Secretary of the Senate Cal Ludeman agrees. “It’s probably going to take a rules committee meeting, but if it gets done by the 21st of June, we don’t need to worry about the interest fees.”

The Senate, though, will need to worry about the next legal bill.

The fees in the current bill covered only the period ending in the middle of March.  They do not cover the hours Nolan sat in a Senate ethics hearing involving Sen. Geoff Michel’s handling of the Brodkorb dismissal. It later was revealed that Brodkorb was the unnamed staffer who was involved in a personal relationship with his supervisor, then Republican Majority Leader Amy Koch. 

The Michel hearings in late March and April ended without a decision. They incurred a minimum of 10 hours of legal time, followed by subsequent legal work. Nolan’s hourly rate is $330.
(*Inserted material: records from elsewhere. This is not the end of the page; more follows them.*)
(** * Separation of a point from a closed convex set *)

Definition convex {X : RVectorSpace} (C : X -> Prop) : Prop :=
  forall x y l, C x -> C y -> 0 <= l <= 1 -> C (vadd (vscal l x) (vscal (1 - l) y)).

Lemma convex_and {X : RVectorSpace} (P Q : X -> Prop) :
  convex P -> convex Q -> convex (fun u => P u /\ Q u).
Proof. intros HP HQ x y l [P1 Q1] [P2 Q2] Hl. split; [apply HP|apply HQ]; auto. Qed.

Lemma INR_S_inv_pos (n : nat) : 0 < / (INR n + 1).
Proof. apply Rinv_0_lt_compat; pose proof (pos_INR n); lra. Qed.

Lemma INR_S_inv_antimono (n N : nat) : (N <= n)%nat -> / (INR n + 1) <= / (INR N + 1).
Proof.
intros H. apply Rinv_le_contravar; [pose proof (pos_INR N); lra|].
apply le_INR in H; lra.
Qed.

Lemma INR_S_inv_small (e : R) : 0 < e -> exists N : nat, / (INR N + 1) < e.
Proof.
intros He. assert (0 < / e) by (apply Rinv_0_lt_compat; lra).
destruct (archimed (/ e)) as [Hup _].
assert (Hz : (0 <= up (/ e))%Z) by (apply le_IZR; lra).
exists (Z.to_nat (up (/ e))).
rewrite INR_IZR_INZ, Z2Nat.id by exact Hz.
replace e with (/ / e) at 2 by (field; lra).
apply Rinv_lt_contravar; nra.
Qed.

Section NormedSubspaceFacts.
Context {X : RVectorSpace} (V : NormedSubspace X).
Local Notation Vm := (ns_mem V).
Local Notation nrm := (ns_norm V).

Lemma ns_norm_0 : nrm vzero = 0.
Proof.
rewrite <- (vscal_0_l (@vzero X)), ns_norm_scal by apply ns_mem_0.
rewrite Rabs_R0; ring.
Qed.

Lemma ns_mem_opp x : Vm x -> Vm (vopp x).
Proof. intros; rewrite vopp_vscal; apply ns_mem_scal; auto. Qed.

Lemma ns_mem_sub x y : Vm x -> Vm y -> Vm (vsub x y).
Proof. intros; unfold vsub; apply ns_mem_add; auto; apply ns_mem_opp; auto. Qed.

Lemma ns_norm_opp x : Vm x -> nrm (vopp x) = nrm x.
Proof. intros; rewrite vopp_vscal, ns_norm_scal by auto. rewrite Rabs_left by lra; ring. Qed.

Lemma ns_norm_sub_sym x y : Vm x -> Vm y -> nrm (vsub x y) = nrm (vsub y x).
Proof.
intros. replace (vsub x y) with (vopp (vsub y x)) by vring.
apply ns_norm_opp, ns_mem_sub; auto.
Qed.

Lemma ns_norm_le_sub x y : Vm x -> Vm y -> nrm x <= nrm (vsub x y) + nrm y.
Proof.
intros. replace x with (vadd (vsub x y) y) at 1 by vring.
apply ns_norm_triangle; auto. apply ns_mem_sub; auto.
Qed.

Lemma ns_norm_scal_pos a x : 0 <= a -> Vm x -> nrm (vscal a x) = a * nrm x.
Proof. intros; rewrite ns_norm_scal, Rabs_pos_eq; auto. Qed.

Definition closed_in (C : X -> Prop) : Prop :=
  forall (u : nat -> X) u0, (forall n, C (u n)) -> Vm u0 -> ns_converges V u u0 -> C u0.

Lemma closed_in_and (P Q : X -> Prop) :
  closed_in P -> closed_in Q -> closed_in (fun u => P u /\ Q u).
Proof.
intros HP HQ u u0 Hu Vu0 Hc.
split; [apply (HP u u0) | apply (HQ u u0)]; auto; intros n; apply (Hu n).
Qed.

Lemma ns_converges_ext u l u' l' :
  (forall n, nrm (vsub (u' n) l') = nrm (vsub (u n) l)) ->
  ns_converges V u l -> ns_converges V u' l'.
Proof.
intros H Hc e He. destruct (Hc e He) as [N HN]. exists N. intros n Hn. rewrite H. auto.
Qed.

Lemma ns_converges_of_bound (u : nat -> X) l :
  (forall n, Vm (vsub (u n) l)) -> (forall n, nrm (vsub (u n) l) <= / (INR n + 1)) ->
  ns_converges V u l.
Proof.
intros Hm H e He. destruct (INR_S_inv_small e He) as [N HN]. exists N.
intros n Hn. unfold R_dist. rewrite Rminus_0_r, Rabs_pos_eq by (apply ns_norm_nonneg; auto).
eapply Rle_lt_trans; [apply H|]. eapply Rle_lt_trans; [apply INR_S_inv_antimono|]; eauto.
Qed.

Lemma closed_in_ball r : closed_in (fun w => Vm w /\ nrm w <= r).
Proof.
intros u u0 Hu Vu0 Hcv. split; [exact Vu0|]. apply Rnot_lt_le. intros Hl.
destruct (Hcv (nrm u0 - r)) as [N HN]; [lra|].
specialize (HN N (le_n _)). unfold R_dist in HN. rewrite Rminus_0_r in HN.
destruct (Hu N) as [VuN HuN].
pose proof (ns_norm_le_sub u0 (u N) Vu0 VuN).
rewrite (ns_norm_sub_sym u0 (u N)) in H by auto.
pose proof (Rle_abs (nrm (vsub (u N) u0))). lra.
Qed.

Lemma convex_ball r : convex (fun w => Vm w /\ nrm w <= r).
Proof.
intros x y l [Vx Hx] [Vy Hy] Hl. split.
- apply ns_mem_add; apply ns_mem_scal; auto.
- eapply Rle_trans; [apply ns_norm_triangle; apply ns_mem_scal; auto|].
  rewrite !ns_norm_scal_pos by (auto; lra). nra.
Qed.

Section Separation.
Variable C : X -> Prop.
Hypothesis C_sub : forall c, C c -> Vm c.
Hypothesis C_convex : convex C.
Hypothesis C_closed : closed_in C.
Variable c0 : X.
Hypothesis C_c0 : C c0.
Variable v : X.
Hypothesis V_v : Vm v.
Hypothesis v_notin : ~ C v.

Lemma dist_closed_pos : exists d, 0 < d /\ forall c, C c -> d <= nrm (vsub v c).
Proof.
apply NNPP. intros Hn.
assert (H : forall n : nat, exists c, C c /\ nrm (vsub v c) <= / (INR n + 1)).
{ intros n. apply NNPP. intros Hc. apply Hn. exists (/ (INR n + 1)).
  split; [apply INR_S_inv_pos|].
  intros c Cc. apply Rnot_lt_le. intros Hl. apply Hc. exists c; split; auto; lra. }
apply choice in H as [u Hu].
apply v_notin, (C_closed u v); [apply Hu | exact V_v|].
apply ns_converges_of_bound.
- intros n. apply ns_mem_sub; auto. apply C_sub, Hu.
- intros n. rewrite ns_norm_sub_sym by (auto; apply C_sub, Hu). apply Hu.
Qed.

Variable d : R.
Hypothesis d_pos : 0 < d.
Hypothesis d_le : forall c, C c -> d <= nrm (vsub v c).

(* A sublinear functional below the norm that is [<= -d] at every [c - v]:
   the infimum of [||x + t (v - c)|| - t d] over [t >= 0] and [c] in [C]. *)
Definition sep_values (x : X) (r : R) : Prop :=
  exists t c, 0 <= t /\ C c /\ r = nrm (vadd x (vscal t (vsub v c))) - t * d.

Definition sep_gauge (x : X) : R := Rinf (sep_values x).

Lemma sep_values_norm x : sep_values x (nrm x).
Proof. exists 0, c0. repeat split; auto; [lra|]. rewrite vscal_0_l, vadd_0; ring. Qed.

Lemma sep_values_lb x : Vm x -> exists m, forall r, sep_values x r -> m <= r.
Proof.
intros Vx. exists (- nrm x). intros r (t & c & Ht & Cc & ->).
assert (Vd : Vm (vsub v c)) by (apply ns_mem_sub; auto).
assert (H1 := ns_norm_le_sub (vscal t (vsub v c)) (vopp x)
  (ns_mem_scal V _ _ Vd) (ns_mem_opp x Vx)).
replace (vsub (vscal t (vsub v c)) (vopp x)) with (vadd x (vscal t (vsub v c))) in H1 by vring.
rewrite ns_norm_scal_pos, ns_norm_opp in H1 by auto.
pose proof (d_le c Cc). nra.
Qed.

Lemma sep_gauge_le x r : Vm x -> sep_values x r -> sep_gauge x <= r.
Proof. intros Vx. apply Rinf_lb, sep_values_lb, Vx. Qed.

Lemma sep_gauge_subadd x y : Vm x -> Vm y ->
  sep_gauge (vadd x y) <= sep_gauge x + sep_gauge y.
Proof.
intros Vx Vy. apply Rinf_add_le;
  [apply sep_values_lb, ns_mem_add; auto | eexists; apply sep_values_norm ..|].
intros r1 r2 (t1 & c1 & Ht1 & C1 & ->) (t2 & c2 & Ht2 & C2 & ->).
assert (Vw : forall t c z, C c -> Vm z -> Vm (vadd z (vscal t (vsub v c)))).
{ intros t c z Cc Vz. apply ns_mem_add, ns_mem_scal, ns_mem_sub; auto. }
pose proof (ns_norm_triangle V _ _ (Vw t1 c1 x C1 Vx) (Vw t2 c2 y C2 Vy)).
destruct (Req_dec (t1 + t2) 0) as [Hz|Hz].
- assert (t1 = 0) as -> by lra. assert (t2 = 0) as -> by lra.
  exists (nrm (vadd x y)). split; [apply sep_values_norm|].
  rewrite !vscal_0_l, !vadd_0 in *. lra.
- set (l := t1 / (t1 + t2)).
  assert (Hl : 0 <= l <= 1).
  { assert (0 < t1 + t2) by lra. unfold l, Rdiv.
    split; [apply Rmult_le_pos; [lra | left; apply Rinv_0_lt_compat; lra]|].
    apply (Rmult_le_reg_r (t1 + t2)); [lra|]. rewrite Rmult_assoc, Rinv_l; lra. }
  exists (nrm (vadd (vadd x y) (vscal (t1 + t2) (vsub v (vadd (vscal l c1) (vscal (1 - l) c2)))))
          - (t1 + t2) * d).
  split; [exists (t1 + t2), (vadd (vscal l c1) (vscal (1 - l) c2)); repeat split; auto; lra|].
  replace (vadd (vadd x y) (vscal (t1 + t2) (vsub v (vadd (vscal l c1) (vscal (1 - l) c2)))))
    with (vadd (vadd x (vscal t1 (vsub v c1))) (vadd y (vscal t2 (vsub v c2))))
    by (unfold l; vring).
  lra.
Qed.

Lemma sep_gauge_poshom a x : 0 < a -> Vm x -> sep_gauge (vscal a x) <= a * sep_gauge x.
Proof.
intros Ha Vx. apply Rinf_scal_le;
  [exact Ha | apply sep_values_lb, ns_mem_scal, Vx | eexists; apply sep_values_norm |].
intros r (t & c & Ht & Cc & ->). exists (a * (nrm (vadd x (vscal t (vsub v c))) - t * d)).
split; [|lra]. exists (a * t), c. repeat split; auto; [nra|].
replace (vadd (vscal a x) (vscal (a * t) (vsub v c)))
  with (vscal a (vadd x (vscal t (vsub v c)))) by vring.
rewrite ns_norm_scal_pos; [ring | lra |].
apply ns_mem_add, ns_mem_scal, ns_mem_sub; auto.
Qed.
End Separation.

Theorem separation (C : X -> Prop) (c0 v : X) :
  (forall c, C c -> Vm c) -> convex C -> closed_in C -> C c0 -> Vm v -> ~ C v ->
  exists f, is_dual_elem V f /\ exists d, 0 < d /\ forall c, C c -> f c + d <= f v.
Proof.
intros C_sub C_convex C_closed C_c0 V_v v_notin.
destruct (dist_closed_pos C C_sub C_closed v V_v v_notin) as (d & Hd & Hdist).
set (q := sep_gauge C v d).
assert (q_norm : forall x, Vm x -> q x <= nrm x)
  by (intros x Vx; apply sep_gauge_le; auto; eapply sep_values_norm; eauto).
destruct (hahn_banach Vm q (ns_mem_0 V) (ns_mem_add V) (ns_mem_scal V))
  as (f & f_add & f_scal & f_le).
- intros; apply sep_gauge_subadd with c0; auto.
- intros; apply sep_gauge_poshom with c0; auto.
- exists f. split; [split; [exact f_add | split; [exact f_scal|]]|].
  + exists 1. intros x Vx. rewrite Rmult_1_l. apply Rabs_le. split.
    * assert (H := f_le _ (ns_mem_opp x Vx)). rewrite vopp_vscal, f_scal in H by auto.
      pose proof (q_norm _ (ns_mem_opp x Vx)). rewrite ns_norm_opp, vopp_vscal in H0 by auto.
      lra.
    * eapply Rle_trans; [apply f_le | apply q_norm]; auto.
  + exists d; split; [exact Hd|]. intros c Cc.
    assert (Vc := C_sub c Cc).
    assert (Hq : q (vsub c v) <= - d).
    { apply Rle_trans with (nrm (vadd (vsub c v) (vscal 1 (vsub v c))) - 1 * d).
      - eapply sep_gauge_le; eauto; [apply ns_mem_sub; auto|].
        exists 1, c. repeat split; auto. lra.
      - replace (vadd (vsub c v) (vscal 1 (vsub v c))) with (@vzero X) by vring.
        rewrite ns_norm_0; lra. }
    assert (f (vsub c v) = f c - f v).
    { unfold vsub. rewrite f_add by (auto; apply ns_mem_opp; auto). rewrite vopp_vscal, f_scal by auto. ring. }
    pose proof (f_le _ (ns_mem_sub c v Vc V_v)). lra.
Qed.
End NormedSubspaceFacts.

(** * Norm minimizers in reflexive spaces *)

(* The dual of [V] sits inside this space, where Hahn-Banach is applied to the
   [limsup] functional. *)
Definition fun_space (X : Type) : RVectorSpace.
Proof.
refine (@Build_RVectorSpace (X -> R) (fun f g x => f x + g x) (fun _ => 0)
  (fun f x => - f x) (fun a f x => a * f x) _ _ _ _ _ _ _ _);
  intros; apply functional_extensionality; intros; ring.
Defined.

Lemma Rabs_le_between x M : Rabs x <= M -> - M <= x <= M.
Proof. unfold Rabs; destruct Rcase_abs; intros; lra. Qed.

Section Dual.
Context {X : RVectorSpace} (V : NormedSubspace X).
Local Notation Vm := (ns_mem V).
Local Notation nrm := (ns_norm V).

Lemma is_dual_elem_0 : is_dual_elem V (fun _ => 0).
Proof.
split; [intros; ring|split; [intros; ring|]]. exists 0. intros. rewrite Rabs_R0; lra.
Qed.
Furthermore, the Senate is only authorized to cover legal fees of up to $50,000.  The rules committee, an 11-member panel chaired by Senjem, would need to authorize another appropriation to cover the second bill, which the Senate expects to receive shortly.

All of those factors lend force to Bakk’s demand for transparency in what taxpayers will end up paying.

  In January, Brodkorb and his attorneys began tryuing to negotiate a settlement of his dismissal. He has yet to actually file a legal claim, waiting to get a go-head from the Equal Employment Opportunity Commission.

But, Bakk has no doubt that Brodkorb will, and he foresees the legal wrangling dragging on for years.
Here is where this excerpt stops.